As I'm watching the film, I initially thought that Seth Rogen's character Kyle, Adam's best pal, was integrated into the film merely for some sideshow comedy and nothing more, which entails the fact that maybe, the chemistry between Gordon-Levitt and Rogen may end up humorously great but dramatically lacking.

But then I realized that having Rogen and his usual improvisational self in the film made him a potent antidote to counter the film's potential brushes with dramatic clichés. Making him all too serious and suddenly turn him all too teary-eyed at Gordon Levitt's pitiful character can be a bit awkward and is a complete departure from what made Seth Rogen popular in the first place. Fitting enough, Rogen's comic performance made the film more naturally dramatic and his character's relationship with the main character Adam feel more genuine.

Joseph Gordon-Levitt, a truly versatile actor who can play a lovestruck average Joe on one film, transform into a convincingly stern, gravity-defying action hero on another while still skillful enough to turn all psychotic and murderous on the next, embraced subtlety in this film, portraying the different psychological phases of a cancer patient, the various physical pains and the seemingly cold acceptance of the inevitable with a great display of bravery but also of an evident 'Why Me?' frustration.

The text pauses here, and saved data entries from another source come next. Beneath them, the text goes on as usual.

Lemma NB_evp_lip n r G R h B W W' a M K D :
  0 < r -> 0 <= a <= M -> 0 <= K -> 0 < R -> 2 * M / R < 1 -> NB (2 * n) R G h ->
  (forall j, (j < n)%nat -> G [(n + j)%nat] = C0) ->
  (forall i, (i < n)%nat -> NB n r (B i) a) ->
  (forall j, (j < n)%nat -> NB n r (W j) M /\ NB n r (W' j) M /\ NB n r (ssub (W j) (W' j)) K) ->
  NB n r (ssub (evp (2 * n) G (pair_tuple n B W) D) (evp (2 * n) G (pair_tuple n B W') D))
     (K * lip_const R h M).
Proof.
  intros Hr Ha HK HR Hs HG H1 HB HW.
  assert (Hh : 0 <= h) by (eapply NB_nonneg; [|exact HG]; lra).
  set (kb := fun x => if Nat.ltb x n then 0 else K).
  assert (Hkb : forall x, kb x <= K) by (intros x; unfold kb; destruct (Nat.ltb x n); lra).
  assert (HT : forall x, (x < 2 * n)%nat ->
    NB n r (pair_tuple n B W x) M /\ NB n r (pair_tuple n B W' x) M /\
    NB n r (ssub (pair_tuple n B W x) (pair_tuple n B W' x)) (kb x)).
  { intros x Hx. unfold kb. destruct (Nat.ltb_spec x n).
    - rewrite !pair_tuple_lt, ssub_self by auto.
      split; [|split]; [eapply NB_weaken; [apply HB; auto|lra]..|apply NB_zero].
    - rewrite !pair_tuple_ge by auto. apply HW. lia. }
  unfold evp. rewrite ssub_csum.
  eapply NB_weaken; [apply NB_csum; [lra|intros d _; apply (NB_eterm_lip _ _ _ G _ _ M kb d); [lra|lra|exact HT]]|].
  replace (K * lip_const R h M) with (K * h / R * ((2 * M / R) / (1 - 2 * M / R))) by (unfold lip_const, Rdiv; ring).
  apply sum_from2.
  - apply Rmult_le_pos; [apply Rmult_le_pos; auto|left; apply Rinv_0_lt_compat; auto].
  - split; [apply Rmult_le_pos; [lra|left; apply Rinv_0_lt_compat; auto]|auto].
  - rewrite words_0, rs_cons, !rs_nil. right; ring.
  - rewrite words_1, rs_map. right. apply rs_zero. intros x Hx. apply in_seq in Hx.
    unfold kb. rewrite rs_cons, rs_nil. destruct (Nat.ltb_spec x n); [ring|].
    replace x with (n + (x - n))%nat by lia. rewrite H1 by lia. rewrite Cmod_C0. ring.
  - intros d Hd. apply lip_weight; auto; [lra|lia].
Qed.

Lemma NB_eterm_1 m p r G T (b : nat -> R) : 0 <= r ->
  (forall x, (x < m)%nat -> NB p r (T x) (b x)) ->
  NB p r (eterm m G T 1) (rs (fun x => Cmod (G [x]) * b x) (seq 0 m)).
Proof.
  intros Hr HT. unfold eterm. rewrite words_1.
  replace (csum (fun q => sscal (G q) (mono q T)) (map (fun i => [i]) (seq 0 m)))
    with (csum (fun x => sscal (G [x]) (T x)) (seq 0 m)).
  - apply NB_csum; auto. intros x Hx. apply in_seq in Hx. apply NB_scal; auto. apply HT; lia.
  - sext. unfold csum. rewrite cs_map. apply cs_ext; intro x.
    rewrite mono_cons, mono_nil, smul_one_r. reflexivity.
Qed.

Lemma NB_evp_self n r G R h B W a M D :
  0 < r -> 0 <= a <= M -> 0 < R -> M / R < 1 -> NB (2 * n) R G h -> G [] = C0 ->
  (forall j, (j < n)%nat -> G [(n + j)%nat] = C0) ->
  (forall i, (i < n)%nat -> NB n r (B i) a) ->
  (forall j, (j < n)%nat -> NB n r (W j) M) ->
  NB n r (evp (2 * n) G (pair_tuple n B W) D) (h / R * a + h * ((M / R) ^ 2 / (1 - M / R))).
Proof.
  intros Hr Ha HR Hs HG H0 H1 HB HW.
  assert (Hh : 0 <= h) by (eapply NB_nonneg; [|exact HG]; lra).
  assert (HT := NB_pair_tuple n r B W M ltac:(intros; eapply NB_weaken; [apply HB; auto|lra]) HW).
  assert (HMR : 0 <= M / R) by (apply Rmult_le_pos; [lra|left; apply Rinv_0_lt_compat; auto]).
  set (b := fun d => if Nat.eqb d 0 then 0 else if Nat.eqb d 1 then h / R * a else h * (M / R) ^ d).
  unfold evp. eapply NB_weaken; [apply (NB_csum _ _ _ b); [lra|intros d _]|].
  - unfold b. destruct (Nat.eqb_spec d 0); [|destruct (Nat.eqb_spec d 1)].
    + subst. eapply NB_weaken; [apply NB_eterm; [lra|exact HT]|]. unfold blk.
      rewrite words_0, rs_cons, !rs_nil, H0, Cmod_C0. simpl; lra.
    + subst. eapply NB_weaken; [apply (NB_eterm_1 _ _ _ G _ (fun x => if Nat.ltb x n then a else M)); [lra|]|].
      { intros x Hx. destruct (Nat.ltb_spec x n); [rewrite pair_tuple_lt by auto; apply HB; auto|apply HT; auto]. }
      apply Rle_trans with (rs (fun x => a * Cmod (G [x])) (seq 0 (2 * n))).
      { apply rs_le_in. intros x Hx. apply in_seq in Hx. destruct (Nat.ltb_spec x n); [lra|].
        replace x with (n + (x - n))%nat by lia. rewrite H1, Cmod_C0 by lia. lra. }
      rewrite rs_scal, <- (rs_map (fun q => Cmod (G q))), <- words_1. fold (blk (2 * n) G 1).
      pose proof (blk_bound _ R G h 1 ltac:(lra) HG). simpl pow in *.
      assert (blk (2 * n) G 1 <= h / R).
      { apply Rmult_le_reg_l with R; auto. replace (R * (h / R)) with h by (field; lra). lra. }
      rewrite Rmult_comm. apply Rmult_le_compat_r; lra.
    + eapply NB_weaken; [apply NB_eterm; [lra|exact HT]|]. apply blk_geom; auto; lra.
  - assert (0 <= h * ((M / R) ^ 2 / (1 - M / R))).
    { apply Rmult_le_pos; auto. apply Rmult_le_pos; [apply pow_le; auto|left; apply Rinv_0_lt_compat; lra]. }
    assert (0 <= h / R * a) by (apply Rmult_le_pos; [apply Rmult_le_pos; [lra|left; apply Rinv_0_lt_compat; auto]|lra]).
    destruct D; [unfold b, rs; simpl; lra|].
    simpl seq. rewrite !rs_cons. unfold b at 1 2. simpl.
    assert (rs b (seq 2 D) <= h * ((M / R) ^ 2 / (1 - M / R))); [|lra].
    rewrite (rs_ext_in _ (fun d => h * (M / R) ^ d)), rs_scal.
    + apply Rmult_le_compat_l; auto. apply geom_tail; lra.
    + intros d Hd. apply in_seq in Hd. unfold b.
      destruct (Nat.eqb_spec d 0); [lia|]. destruct (Nat.eqb_spec d 1); [lia|]. reflexivity.
Qed.
Definition metric_freedom (alpha : R) (dist : X -> X -> R) (s : X -> R)
  (P0 : probability X R) : R :=
  1 - spearman (P0 \x P0)%E
        (fun z : X * X => dtilde alpha dist z.1 z.2)
        (fun z : X * X => `|s z.1 - s z.2|).

Definition coupling (P Q : probability X R) (g : probability (X * X)%type R)
  : Prop :=
  forall A : set X, measurable A ->
    g (fst @^-1` A) = P A /\ g (snd @^-1` A) = Q A.

Definition wasserstein1 (c : X -> X -> R) (P Q : probability X R) : \bar R :=
  ereal_inf [set (\int[g]_z (c z.1 z.2)%:E)%E
            | g in [set g : probability (X * X)%type R | coupling P Q g]].

Definition skill_lift (s : X -> R) (Ppi P0 : probability X R) : R :=
  expect Ppi s - expect P0 s.

End Defs.

(* Take X = bool * bool, the discrete metric d = k [x <> y] (so that
   d^alpha = K [x <> y] with K = k^alpha), the score s = M 1_{x0} with
   x0 = (true, true) and M = L0 K, the base distribution
   P0 = Bernoulli(q) (x) Bernoulli(1/2) and the skill distribution delta_{x0}.
   A coupling whose first marginal is delta_{x0} lives on {x0} * X, so the
   transport distance is K P0(x <> x0) = K (1 - q/2), which is W for
   K = W / (1 - q/2); then Lift = M (1 - q/2) = L0 W >= L0 (1 - F) W / 2.
   Under P0 (x) P0 we have U = K 1_A and V = M 1_B, where B (exactly one of
   x, x' is x0) is contained in A (x <> x'). The grades of U and V are
   increasing affine functions of 1_A and 1_B, so the Spearman correlation is
   the phi coefficient of these nested events. It tends to 0 as q -> 0 and
   equals 1 at q = 1; the intermediate value theorem gives q with freedom F. *)

From Pilot Require Import Defs.
From HB Require Import structures.
From mathcomp Require Import all_boot all_order all_algebra.
From mathcomp Require Import all_classical all_reals all_analysis.
From mathcomp Require Import ring lra.

Set Implicit Arguments.
Unset Strict Implicit.
Unset Printing Implicit Defensive.

Import Order.TTheory GRing.Theory Num.Theory.
Import numFieldTopology.Exports numFieldNormedType.Exports.
Local Open Scope classical_set_scope.
Local Open Scope ring_scope.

Although "50/50" centers at the harsh reality of cancer, it has prevented itself to be completely overwhelmed by hodge-podge sentimentalism and preachy utterances about hope and survival that make films of this type all too fleeting. Instead, with this change of tone, it has given the film a cleaner and infinitely more honest emotional atmosphere.

"50/50" is relatively unique in its dramatic and comic effortlessness as it ironically tackles a laborious, life-threatening illness. And while we may all have immediately foreseen the sad inevitability of Adam Lerner's fate, there's still an unconsciously lingering thought, with the film successfully equalizing optimism and the otherwise, that it may just be a boulder-like obstacle that can certainly be endured.

'Keeping up with the battle' or 'dying without a fight'; 'family and faith' or 'to concede and surrender'. "50/50" takes these absolutes and laid it into the open. The film maintains the fact that the act of 'fighting' or 'giving-up' does not just apply to battling cancer, but also to life in general. And that cancer, although it has prematurely claimed countless lives, is not always an end but sometimes just a phase. "50/50" surely holds on to that claim for a reason.